■ **Work to complete**: Only certain lines below are wanted: those starting at the line containing "End GraphPairing." and ending at the line containing "(hdelta : 0 < delta) (a : 'rV[R]_m -> R)", both included, each retyped exactly.
───── Input material
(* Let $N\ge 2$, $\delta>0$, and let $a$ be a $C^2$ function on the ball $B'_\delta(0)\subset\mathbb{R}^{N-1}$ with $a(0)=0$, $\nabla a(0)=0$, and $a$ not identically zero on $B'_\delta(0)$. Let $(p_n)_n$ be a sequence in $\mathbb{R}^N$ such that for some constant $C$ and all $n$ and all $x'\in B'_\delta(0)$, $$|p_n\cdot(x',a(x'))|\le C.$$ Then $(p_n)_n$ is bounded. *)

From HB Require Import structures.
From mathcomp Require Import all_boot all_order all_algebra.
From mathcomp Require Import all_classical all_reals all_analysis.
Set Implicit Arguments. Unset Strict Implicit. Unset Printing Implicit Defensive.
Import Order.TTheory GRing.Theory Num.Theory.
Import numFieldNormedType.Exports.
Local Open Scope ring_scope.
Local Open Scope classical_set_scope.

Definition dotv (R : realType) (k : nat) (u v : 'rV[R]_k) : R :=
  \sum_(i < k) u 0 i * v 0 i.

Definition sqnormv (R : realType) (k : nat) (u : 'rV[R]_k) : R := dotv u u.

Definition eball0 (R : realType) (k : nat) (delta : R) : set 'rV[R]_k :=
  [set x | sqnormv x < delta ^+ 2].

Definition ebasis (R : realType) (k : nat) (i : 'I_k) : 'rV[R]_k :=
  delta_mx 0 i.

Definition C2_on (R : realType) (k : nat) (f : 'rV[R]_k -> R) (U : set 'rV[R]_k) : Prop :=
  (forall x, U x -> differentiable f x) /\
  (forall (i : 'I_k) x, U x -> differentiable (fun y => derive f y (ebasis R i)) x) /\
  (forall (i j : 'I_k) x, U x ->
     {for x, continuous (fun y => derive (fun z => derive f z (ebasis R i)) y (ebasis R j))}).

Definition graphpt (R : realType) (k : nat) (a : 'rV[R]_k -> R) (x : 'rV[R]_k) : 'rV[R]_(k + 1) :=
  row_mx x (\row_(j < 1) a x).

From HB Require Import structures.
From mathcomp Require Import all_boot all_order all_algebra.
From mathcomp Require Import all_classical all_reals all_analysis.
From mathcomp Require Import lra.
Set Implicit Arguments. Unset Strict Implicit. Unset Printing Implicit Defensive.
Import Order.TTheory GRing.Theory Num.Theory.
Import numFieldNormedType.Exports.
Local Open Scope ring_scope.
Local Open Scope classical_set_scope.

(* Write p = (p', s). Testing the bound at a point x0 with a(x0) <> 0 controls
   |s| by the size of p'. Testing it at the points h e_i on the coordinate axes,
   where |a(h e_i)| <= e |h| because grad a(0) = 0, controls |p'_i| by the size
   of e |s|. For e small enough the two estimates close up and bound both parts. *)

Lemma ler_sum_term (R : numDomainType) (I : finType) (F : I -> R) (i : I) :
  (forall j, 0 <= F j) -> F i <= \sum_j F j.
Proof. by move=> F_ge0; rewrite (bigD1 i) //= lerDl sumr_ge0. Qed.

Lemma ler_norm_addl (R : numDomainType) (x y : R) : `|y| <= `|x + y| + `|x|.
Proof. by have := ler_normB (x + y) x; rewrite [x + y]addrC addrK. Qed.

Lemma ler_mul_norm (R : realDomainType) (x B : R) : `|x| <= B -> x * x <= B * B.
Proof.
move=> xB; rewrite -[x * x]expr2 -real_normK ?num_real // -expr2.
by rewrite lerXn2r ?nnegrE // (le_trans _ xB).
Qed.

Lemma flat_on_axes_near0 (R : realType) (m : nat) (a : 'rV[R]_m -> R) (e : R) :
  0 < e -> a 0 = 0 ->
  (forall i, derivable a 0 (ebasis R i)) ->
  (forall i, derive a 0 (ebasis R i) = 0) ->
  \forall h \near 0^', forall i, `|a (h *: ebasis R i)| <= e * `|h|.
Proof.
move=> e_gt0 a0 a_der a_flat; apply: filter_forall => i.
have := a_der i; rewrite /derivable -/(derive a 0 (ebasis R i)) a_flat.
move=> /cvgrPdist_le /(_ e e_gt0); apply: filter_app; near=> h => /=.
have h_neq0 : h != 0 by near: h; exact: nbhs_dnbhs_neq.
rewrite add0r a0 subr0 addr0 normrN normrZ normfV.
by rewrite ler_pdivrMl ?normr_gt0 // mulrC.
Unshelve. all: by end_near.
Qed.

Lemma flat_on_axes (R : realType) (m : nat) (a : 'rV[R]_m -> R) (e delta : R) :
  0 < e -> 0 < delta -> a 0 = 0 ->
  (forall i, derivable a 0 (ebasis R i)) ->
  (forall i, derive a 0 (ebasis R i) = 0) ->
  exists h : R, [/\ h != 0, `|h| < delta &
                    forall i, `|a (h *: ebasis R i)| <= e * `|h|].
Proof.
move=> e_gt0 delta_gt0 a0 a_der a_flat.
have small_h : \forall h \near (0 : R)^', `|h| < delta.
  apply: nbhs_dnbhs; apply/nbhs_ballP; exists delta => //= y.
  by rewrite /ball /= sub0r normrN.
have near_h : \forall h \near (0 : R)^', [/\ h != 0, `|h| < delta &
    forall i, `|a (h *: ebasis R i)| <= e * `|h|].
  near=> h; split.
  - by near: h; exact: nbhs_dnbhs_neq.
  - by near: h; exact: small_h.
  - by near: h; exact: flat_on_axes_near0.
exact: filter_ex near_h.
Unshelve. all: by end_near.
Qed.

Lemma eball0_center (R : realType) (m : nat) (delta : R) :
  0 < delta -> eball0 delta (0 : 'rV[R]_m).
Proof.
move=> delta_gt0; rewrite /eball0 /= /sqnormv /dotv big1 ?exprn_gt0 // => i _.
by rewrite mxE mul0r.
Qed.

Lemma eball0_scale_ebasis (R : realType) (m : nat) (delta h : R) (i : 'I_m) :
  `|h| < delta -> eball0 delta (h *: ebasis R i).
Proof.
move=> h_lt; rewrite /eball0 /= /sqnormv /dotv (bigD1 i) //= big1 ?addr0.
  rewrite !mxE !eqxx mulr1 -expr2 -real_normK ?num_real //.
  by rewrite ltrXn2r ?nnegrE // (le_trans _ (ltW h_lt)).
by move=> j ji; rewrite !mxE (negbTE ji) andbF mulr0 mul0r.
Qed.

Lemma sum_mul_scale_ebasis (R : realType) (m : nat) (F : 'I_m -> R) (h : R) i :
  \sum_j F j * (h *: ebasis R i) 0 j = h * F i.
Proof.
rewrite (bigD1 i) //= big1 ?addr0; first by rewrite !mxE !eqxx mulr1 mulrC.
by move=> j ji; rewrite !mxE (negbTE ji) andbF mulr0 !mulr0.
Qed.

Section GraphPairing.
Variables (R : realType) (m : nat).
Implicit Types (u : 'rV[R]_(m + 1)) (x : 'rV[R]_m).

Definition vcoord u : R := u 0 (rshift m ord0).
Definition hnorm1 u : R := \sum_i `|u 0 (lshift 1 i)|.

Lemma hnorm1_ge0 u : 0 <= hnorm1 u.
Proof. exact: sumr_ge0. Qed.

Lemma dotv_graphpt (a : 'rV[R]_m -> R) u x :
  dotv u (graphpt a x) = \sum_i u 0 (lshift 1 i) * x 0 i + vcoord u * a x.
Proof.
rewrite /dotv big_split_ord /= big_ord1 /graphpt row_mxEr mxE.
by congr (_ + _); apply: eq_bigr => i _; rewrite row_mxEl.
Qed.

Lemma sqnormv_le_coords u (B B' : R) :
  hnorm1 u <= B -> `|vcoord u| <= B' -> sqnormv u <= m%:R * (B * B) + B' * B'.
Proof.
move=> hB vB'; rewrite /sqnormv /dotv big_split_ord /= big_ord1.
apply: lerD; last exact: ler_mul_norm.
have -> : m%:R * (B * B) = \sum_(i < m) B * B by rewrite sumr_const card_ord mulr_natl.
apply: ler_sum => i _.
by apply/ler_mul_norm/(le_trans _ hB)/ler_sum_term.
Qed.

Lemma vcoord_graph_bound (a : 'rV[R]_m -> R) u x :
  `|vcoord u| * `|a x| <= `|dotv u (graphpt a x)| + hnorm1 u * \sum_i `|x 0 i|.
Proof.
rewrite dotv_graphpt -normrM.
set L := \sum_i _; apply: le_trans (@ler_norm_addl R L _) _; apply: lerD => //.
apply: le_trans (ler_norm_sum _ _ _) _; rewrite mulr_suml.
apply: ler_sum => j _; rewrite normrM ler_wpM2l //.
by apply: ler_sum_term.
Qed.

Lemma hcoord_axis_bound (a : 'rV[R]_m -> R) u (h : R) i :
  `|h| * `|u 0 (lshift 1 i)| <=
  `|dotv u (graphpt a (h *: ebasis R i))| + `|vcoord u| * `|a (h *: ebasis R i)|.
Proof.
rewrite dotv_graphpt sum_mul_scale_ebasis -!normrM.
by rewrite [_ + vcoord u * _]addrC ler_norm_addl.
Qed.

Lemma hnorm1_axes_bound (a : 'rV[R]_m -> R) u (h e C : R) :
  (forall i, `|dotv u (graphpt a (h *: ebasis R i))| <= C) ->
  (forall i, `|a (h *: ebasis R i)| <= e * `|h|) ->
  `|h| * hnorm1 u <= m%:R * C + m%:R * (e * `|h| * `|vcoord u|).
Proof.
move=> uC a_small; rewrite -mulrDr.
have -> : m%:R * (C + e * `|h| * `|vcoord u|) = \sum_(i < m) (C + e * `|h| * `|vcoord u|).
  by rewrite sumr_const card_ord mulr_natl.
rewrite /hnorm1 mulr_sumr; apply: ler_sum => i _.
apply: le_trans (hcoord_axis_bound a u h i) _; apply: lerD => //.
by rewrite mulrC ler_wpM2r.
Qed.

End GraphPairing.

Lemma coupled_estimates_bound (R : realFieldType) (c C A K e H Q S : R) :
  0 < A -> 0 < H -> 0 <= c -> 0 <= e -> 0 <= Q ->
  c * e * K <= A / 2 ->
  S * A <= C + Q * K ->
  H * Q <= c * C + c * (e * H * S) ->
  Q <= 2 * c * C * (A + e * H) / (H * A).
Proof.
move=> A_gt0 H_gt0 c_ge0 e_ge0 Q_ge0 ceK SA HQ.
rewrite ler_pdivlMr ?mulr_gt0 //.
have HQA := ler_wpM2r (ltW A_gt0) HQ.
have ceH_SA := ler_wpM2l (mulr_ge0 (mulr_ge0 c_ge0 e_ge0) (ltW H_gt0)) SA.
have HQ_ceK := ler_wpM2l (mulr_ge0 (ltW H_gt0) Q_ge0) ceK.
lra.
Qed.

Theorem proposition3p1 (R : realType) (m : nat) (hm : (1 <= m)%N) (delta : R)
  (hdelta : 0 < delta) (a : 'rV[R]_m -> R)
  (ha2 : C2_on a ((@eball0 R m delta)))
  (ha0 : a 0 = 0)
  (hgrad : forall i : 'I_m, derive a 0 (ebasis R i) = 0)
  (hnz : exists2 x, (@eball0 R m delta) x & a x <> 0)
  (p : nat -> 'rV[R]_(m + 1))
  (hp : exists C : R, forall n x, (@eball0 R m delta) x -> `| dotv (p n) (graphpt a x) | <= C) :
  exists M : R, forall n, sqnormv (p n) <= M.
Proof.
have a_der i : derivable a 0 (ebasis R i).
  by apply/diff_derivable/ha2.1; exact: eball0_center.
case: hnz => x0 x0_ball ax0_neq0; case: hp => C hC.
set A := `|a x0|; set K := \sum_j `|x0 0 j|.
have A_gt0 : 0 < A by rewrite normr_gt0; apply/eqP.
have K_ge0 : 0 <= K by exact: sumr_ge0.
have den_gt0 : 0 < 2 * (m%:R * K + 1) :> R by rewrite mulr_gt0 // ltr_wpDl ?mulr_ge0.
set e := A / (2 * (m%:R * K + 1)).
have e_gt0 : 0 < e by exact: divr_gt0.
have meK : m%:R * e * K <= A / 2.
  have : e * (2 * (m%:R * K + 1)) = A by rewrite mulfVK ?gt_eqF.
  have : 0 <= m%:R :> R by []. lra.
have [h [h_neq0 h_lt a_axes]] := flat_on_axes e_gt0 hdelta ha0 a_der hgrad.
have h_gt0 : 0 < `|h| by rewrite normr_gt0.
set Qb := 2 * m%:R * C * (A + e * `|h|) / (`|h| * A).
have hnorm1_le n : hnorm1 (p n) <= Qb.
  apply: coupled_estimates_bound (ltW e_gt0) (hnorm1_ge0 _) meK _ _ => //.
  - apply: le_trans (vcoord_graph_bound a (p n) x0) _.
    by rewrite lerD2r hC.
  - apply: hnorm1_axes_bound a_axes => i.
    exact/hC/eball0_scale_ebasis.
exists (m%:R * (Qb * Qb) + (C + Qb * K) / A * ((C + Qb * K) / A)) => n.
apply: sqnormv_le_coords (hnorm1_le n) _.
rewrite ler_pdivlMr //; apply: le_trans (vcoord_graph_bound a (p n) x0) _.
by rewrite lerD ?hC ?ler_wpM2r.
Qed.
──────────
■ **Response below**:
End GraphPairing.

Lemma coupled_estimates_bound (R : realFieldType) (c C A K e H Q S : R) :
  0 < A -> 0 < H -> 0 <= c -> 0 <= e -> 0 <= Q ->
  c * e * K <= A / 2 ->
  S * A <= C + Q * K ->
  H * Q <= c * C + c * (e * H * S) ->
  Q <= 2 * c * C * (A + e * H) / (H * A).
Proof.
move=> A_gt0 H_gt0 c_ge0 e_ge0 Q_ge0 ceK SA HQ.
rewrite ler_pdivlMr ?mulr_gt0 //.
have HQA := ler_wpM2r (ltW A_gt0) HQ.
have ceH_SA := ler_wpM2l (mulr_ge0 (mulr_ge0 c_ge0 e_ge0) (ltW H_gt0)) SA.
have HQ_ceK := ler_wpM2l (mulr_ge0 (ltW H_gt0) Q_ge0) ceK.
lra.
Qed.

Theorem proposition3p1 (R : realType) (m : nat) (hm : (1 <= m)%N) (delta : R)
  (hdelta : 0 < delta) (a : 'rV[R]_m -> R)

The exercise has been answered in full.